=== Begin Enclosure ===

Lemma eI_ideal (I : R -> Prop) : isHomIdealC (eI Rx phi I).
Proof.
split.
- by move=> a b J J_ideal _; apply: idealC0.
- move=> a b f f' If If' J J_ideal JI.
  by apply: (idealCB J_ideal); [apply: If | apply: If'].
- by move=> a b c f f' If J J_ideal JI; apply: (idealC_compl J_ideal); apply: If.
- by move=> a b c f f' If J J_ideal JI; apply: (idealC_compr J_ideal); apply: If.
- move=> h a b f If; split=> J J_ideal JI.
    by apply: (idealC_tensl J_ideal); apply: If.
  by apply: (idealC_tensr J_ideal); apply: If.
Qed.

Section Restriction.
Variable J : MorPred C.
Hypothesis J_ideal : isHomIdealC J.

Lemma phi_rI x r : Rx x r -> rI Rx phi J r -> J (phi x r).
Proof.
move=> xr [n [f [xs [xsJ rE]]]].
have xsf i : Rx (xs i) (f i) by case: (xsJ i).
rewrite (hcomp_homog xsf xr rE) /hcomp phi_sum => [|i /eqP <-]; last exact: xsf.
by apply: (idealC_sum J_ideal) => i /eqP <-; case: (xsJ i).
Qed.

Lemma rI_hcomp r n (f : 'I_n -> R) xs x : rI Rx phi J r ->
  (forall i, Rx (xs i) (f i)) -> r = \sum_(i < n) f i -> rI Rx phi J (hcomp f xs x).
Proof.
move=> [m [h [ys [ysJ ->]]]] xsf /esym fh.
have ysh j : Rx (ys j) (h j) by case: (ysJ j).
rewrite (hcomp_unique xsf ysh fh x); apply: rI_sum => j _.
by case: (ysJ j) => ysh_j Jh; apply: rI_homog ysh_j Jh.
Qed.

Lemma rI_mull a r : rI Rx phi J r -> rI Rx phi J (a * r).
Proof.
move=> [n [f [xs [xsJ ->]]]]; have [m [F [zs [zsF ->]]]] := homog_decomp a.
rewrite mulr_suml; apply: rI_sum => j _; rewrite mulr_sumr; apply: rI_sum => i _.
have [xsf Jf] := xsJ i.
by apply: (rI_homog (RxM (zsF j) xsf)); apply: idealC_phi_mull.
Qed.

Lemma rI_mulr a r : rI Rx phi J r -> rI Rx phi J (r * a).
Proof.
move=> [n [f [xs [xsJ ->]]]]; have [m [F [zs [zsF ->]]]] := homog_decomp a.
rewrite mulr_suml; apply: rI_sum => i _; rewrite mulr_sumr; apply: rI_sum => j _.
have [xsf Jf] := xsJ i.
by apply: (rI_homog (RxM xsf (zsF j))); apply: idealC_phi_mulr.
Qed.

Lemma rI_ideal : isHomIdealR Rx (rI Rx phi J).
Proof.
split.
- exact: rI0.
- move=> r s Jr [n [f [xs [xsJ ->]]]]; apply: rI_add => //.
  rewrite -sumrN; apply: rI_sum => i _; have [xsf Jf] := xsJ i.
  by apply: (rI_homog (RxN xsf)); rewrite (phiN xsf); apply: idealCN.
- exact: rI_mull.
- exact: rI_mulr.
- move=> r [n [f [xs [xsJ rE]]]]; exists n, f; split=> // i.
  by have [xsf Jf] := xsJ i; split; [exists (xs i) | apply: rI_homog xsf Jf].
Qed.

Lemma eI_rI : eI Rx phi (rI Rx phi J) = J.
Proof.
apply: morIncl_antisym => a b t; first by apply; [exact: J_ideal | move=> x r; apply: phi_rI].
move=> Jt; have [y [q [yq tq]]] := same_ideals_phi t.
apply/(tq _ (eI_ideal _)); apply: (eI_phi yq); apply: (rI_homog yq).
exact/(tq _ J_ideal).
Qed.

End Restriction.

Lemma rI_eI (I : R -> Prop) : isHomIdealR Rx I -> rI Rx phi (eI Rx phi I) = I.
Proof.
move=> I_ideal; apply: subpred_antisym => r.
  move=> [n [f [xs [xsI ->]]]]; apply: (idealR_sum I_ideal) => i _.
  by have [xsf If] := xsI i; apply: eI_phiK If.
move=> /(idealR_homog I_ideal) [n [f [fI ->]]].
have [xs xsf] := choice (fun i x => Rx x (f i)) (fun i => (fI i).1).
exists n, f, xs; split=> // i; split=> //.
by apply: eI_phi => //; case: (fI i).
Qed.

Lemma rI_prime (P : MorPred C) : isPrimeC P -> isHomPrimeR Rx (rI Rx phi P).
Proof.
case=> P_ideal [a [b [t Pnt]]] P_prime; split.
- exact: rI_ideal.
- have [y [q [yq tq]]] := same_ideals_phi t.
  by exists q => /(phi_rI P_ideal yq) /(tq _ P_ideal).
- move=> r s [x xr] [y ys] /(phi_rI P_ideal (RxM xr ys)).
  move=> /(same_ideals_translate (phi_mul_translate xr ys) P_ideal) /P_prime [Pr|Ps].
    left; apply: (rI_homog xr); apply: (idealC_tensr_cancel P_ideal (h := gx y)).
    have := idealC_compr P_ideal (lam (gx y)) Pr.
    by rewrite -compA (lami_lam ax) compm1.
  by right; apply: (rI_homog ys).
Qed.

Lemma eI_prime (Q : R -> Prop) : isHomPrimeR Rx Q -> isPrimeC (eI Rx phi Q).
Proof.
case=> Q_ideal Q_proper Q_prime; split.
- exact: eI_ideal.
- have [x [q [xq Qnq]]] := idealR_proper_homog Q_ideal Q_proper.
  by exists unito, (gx x), (phi x q) => /(eI_phiK Q_ideal xq).
- move=> a b c t s.
  have [z [y [r [q [zr yq tq sr stE]]]]] := comp_same_ideals_phi t s.
  move=> /(stE _ (eI_ideal Q)) /(eI_phiK Q_ideal (RxM zr yq)).
  move=> /(Q_prime r q (ex_intro _ z zr) (ex_intro _ y yq)) [Qr|Qq].
    by left; apply/(sr _ (eI_ideal Q)); apply: eI_phi.
  by right; apply/(tq _ (eI_ideal Q)); apply: eI_phi.
Qed.

Definition spc_to_spec (P : Spc C) : SpecH Rx :=
  exist _ (rI Rx phi (proj1_sig P)) (rI_prime (proj2_sig P)).

Definition spec_to_spc (Q : SpecH Rx) : Spc C :=
  exist _ (eI Rx phi (proj1_sig Q)) (eI_prime (proj2_sig Q)).

Lemma spc_to_specK : cancel spc_to_spec spec_to_spc.
Proof. by case=> P P_prime; apply: sig_inj; apply: eI_rI; case: P_prime. Qed.

Lemma spec_to_spcK : cancel spec_to_spc spc_to_spec.
Proof. by case=> Q Q_prime; apply: sig_inj; apply: rI_eI; case: Q_prime. Qed.

Definition hcomps (S : R -> Prop) : R -> Prop := fun q =>
  exists r n (f : 'I_n -> R) xs x,
    [/\ S r, forall i, Rx (xs i) (f i), r = \sum_(i < n) f i & q = hcomp f xs x].

Lemma zariskiR_preimage (Z : SpecH Rx -> Prop) :
  zariskiR Z -> zariskiC (fun P => Z (spc_to_spec P)).
Proof.
move=> [S ZS]; exists (eI Rx phi (hcomps S)) => P; rewrite ZS /=.
have [P_ideal _ _] := proj2_sig P.
split=> [SP a b t|eIP r Sr].
  apply; first exact: P_ideal.
  move=> x q xq [r [n [f [xs [y [Sr xsf rE qE]]]]]]; subst q.
  by apply: (phi_rI P_ideal xq); apply: rI_hcomp (SP r Sr) xsf rE.
have [n [f [xs [xsf rE]]]] := homog_decomp r.
rewrite rE -(sum_hcomp f xs); apply: rI_sum => x _.
apply: (rI_homog (Rx_hcomp x xsf)); apply: eIP; apply: (eI_phi (Rx_hcomp x xsf)).
by exists r, n, f, xs, x.
Qed.

Lemma zariskiC_preimage (Z : Spc C -> Prop) :
  zariskiC Z -> zariskiR (fun Q => Z (spec_to_spc Q)).
Proof.
move=> [S ZS].
exists (fun r => exists a b (t : Mor a b) x, [/\ S a b t, Rx x r & same_ideals t (phi x r)]).
move=> Q; rewrite ZS /=; have [Q_ideal _ _] := proj2_sig Q.
split=> [SeQ r [a [b [t [x [St xr tr]]]]]|SQ a b t St].
  by apply: (eI_phiK Q_ideal xr); apply/(tr _ (eI_ideal _)); apply: SeQ.
have [y [q [yq tq]]] := same_ideals_phi t.
by apply/(tq _ (eI_ideal _)); apply: (eI_phi yq); apply: SQ; exists a, b, t, y.
Qed.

=== End Enclosure ===

▸ **TASK ITEM**
Copy out each line of the data in which the word "left" appears.

▸ **WRITTEN RESPONSE**
    left; apply: (rI_homog xr); apply: (idealC_tensr_cancel P_ideal (h := gx y)).
    by left; apply/(sr _ (eI_ideal Q)); apply: eI_phi.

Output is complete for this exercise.